Controls also feature in products from Altec Industries at the show. Its new, 167 insulated, articulated boom aerial device range – TA50, TA55, and TA60 – have four–function, single–handle controls, which feature the company's ISO–Grip control system. These machines also have an ARM material handling jib.

The company will exhibit its new AA55E, an insulated 55 ft (17 m) working height, nonovercenter aerial device with material handling capability. This model has a maximum lateral outreach of 43 ft (13 m).

Other utility lift specialists are also using ICUEE to launch new products. Canada's Posi–Plus Technologies will exhibit a new insulated access platform, the LineMaster 50, which features an “Over center design and a 83 ft [25 m] aerial device with double bed lift elevator to allow access to the ground and working positions behind poles.
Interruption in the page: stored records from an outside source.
Lemma equal_pay_approx_low_paid (L J : nat) :
    (0 < L)%N -> (n <= L ^ J)%N -> \sum_i astar i <= 1 ->
    principal_util f astar Sstar <= 4 * \sum_(i in low_paid) contrib i ->
  equal_pay_approx (48 * (J + 2 * L + 2)%:R).
Proof.
move=> L_gt0 nLJ A_le1 low_heavy.
have a_ge0 i : 0 <= astar i by case/andP: (astar_contract i).
have card_low : (#|low_paid| <= L ^ J)%N.
  by apply: leq_trans nLJ; rewrite -[X in (_ <= X)%N]card_ord max_card.
have sum_low : \sum_(i in low_paid) astar i <= 1.
  apply: le_trans A_le1; rewrite [X in _ <= X](bigID (mem low_paid)) /= lerDl.
  exact: sumr_ge0.
have half_low i : i \in low_paid -> 2 * astar i <= 1 by rewrite inE.
have [K [k [_ Kk W_le]]] :=
  exists_low_pay_group a_ge0 contrib_ge0 L_gt0 card_low sum_low half_low.
have [S [S_NE WK]] := low_pay_group_NE Kk; have [k_gt0 _ _] := Kk.
have WK_ge0 : 0 <= \sum_(i in K) contrib i by apply: sumr_ge0 => i _; exact: contrib_ge0.
apply: eq_contract_approx (low_pay_rate01 k_gt0) S_NE _ _; first lra.
have := ler_wpM2l (ler0n R (J + 2 * L + 2)) WK; lra.
Qed.

Lemma equal_pay_approx_dominant : \sum_i astar i <= 1 ->
    4 * \sum_(i in low_paid) contrib i < principal_util f astar Sstar ->
  equal_pay_approx 8.
Proof.
rewrite /principal_util; set A := \sum_i astar i; set W := \sum_(i in low_paid) _.
move=> A_le1 light.
have a_ge0 i : 0 <= astar i by case/andP: (astar_contract i).
have A_ge0 : 0 <= A by exact: sumr_ge0.
have W_ge0 : 0 <= W by apply: sumr_ge0 => i _; exact: contrib_ge0.
have [i0 high] : exists i0, 1 < 2 * astar i0.
  apply: contrapT => none.
  have W_all : W = f Sstar.
    rewrite -sum_contrib_all; apply: eq_bigl => i; rewrite inE leNgt.
    by apply/negP => ?; apply: none; exists i.
  have := mulr_ge0 A_ge0 (f_ge0 Sstar); lra.
(* As a*_i0 > 1/2 and the pays sum to at most 1, low_paid = [set~ i0]. *)
have F_eq : f Sstar = W + contrib i0.
  rewrite -sum_contrib_all (bigD1 i0) //= addrC; congr (_ + _); apply: eq_bigl => i.
  rewrite inE; have [-> | ne] := eqVneq i i0; first by rewrite leNgt high.
  have : astar i <= \sum_(j | j != i0) astar j by rewrite (bigD1 i) //= lerDl sumr_ge0.
  by rewrite /A (bigD1 i0) /= in A_le1; lra.
have [S [S_NE P_ge]] := single_agent_NE i0.
have /andP [a_i0_ge0 a_i0_le1] := astar_contract i0.
have a_le_A : astar i0 <= A by rewrite /A (bigD1 i0) //= lerDl sumr_ge0.
have b01 : 0 <= (1 + astar i0) / 2 <= 1 by apply/andP; split; lra.
rewrite F_eq addrK in P_ge; rewrite F_eq in light.
(* 2 P >= (1 - A) l_i0 - 2 W >= (1 - A) (W + l_i0) / 4 since 4 W < (1 - A) (W + l_i0). *)
have h1 : (1 - A) * contrib i0 <= (1 - astar i0) * contrib i0.
  by rewrite ler_wpM2r ?contrib_ge0 //; lra.
have h2 := ler_wpM2r W_ge0 a_i0_le1; have h3 := mulr_ge0 A_ge0 W_ge0.
apply: eq_contract_approx b01 S_NE _ _; first lra.
rewrite [principal_util _ astar _]/principal_util -/A F_eq; lra.
Qed.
It is available in single, dual, or two–man platform versions with a full material handling system.”

Lift–All says new products now give it “…a full line, from 10 ft single to 35 ft double elevators, available for personnel lifts and material handlers, providing increased reach without increasing the chassis length.”

Re–launching itself in the North American utility market, meanwhile, is Aichi USA, which is no longer working with Baker Equipment (with whom it previously had a joint venture). The company will show its truck–mounted INH30A and the INU38A platforms, and Elliott Equipment will have a 30 t (13600 kg) capacity, track–mounted boom truck.

On the small utility vehicle side of the business, Equipment Technology Inc is launching a new, 3–6000 lbs (1360–2720 kg) lift capacity crane line, and it will exhibit a new battery replacement truck for use by cable companies, as well.

Utility lift buyers will also see some interesting attachments or ancillary products at ICUEE. For example, Diversified Product Development will show its new SLL–60 Static Line Lifter. The company explains how it works; “The SLL–60 supports the static line with the same crane being used to hold multiple energized conductors. This frees up bucket trucks or other equipment previously dedicated to holding the static line, thereby allowing linemen to make use of the equipment to perform other functions. The SLL–60 also maintains the static line's relative position above and ahead of the conductors.” The SLL–60 has a 1000 lb (454 kg) lift capacity, is 5 ft (1.5 m) long and tested to 13.5 kV.

All in all, there will be lots to see, and the new “drive and ride” area will provide lots to do, at ICUEE this year.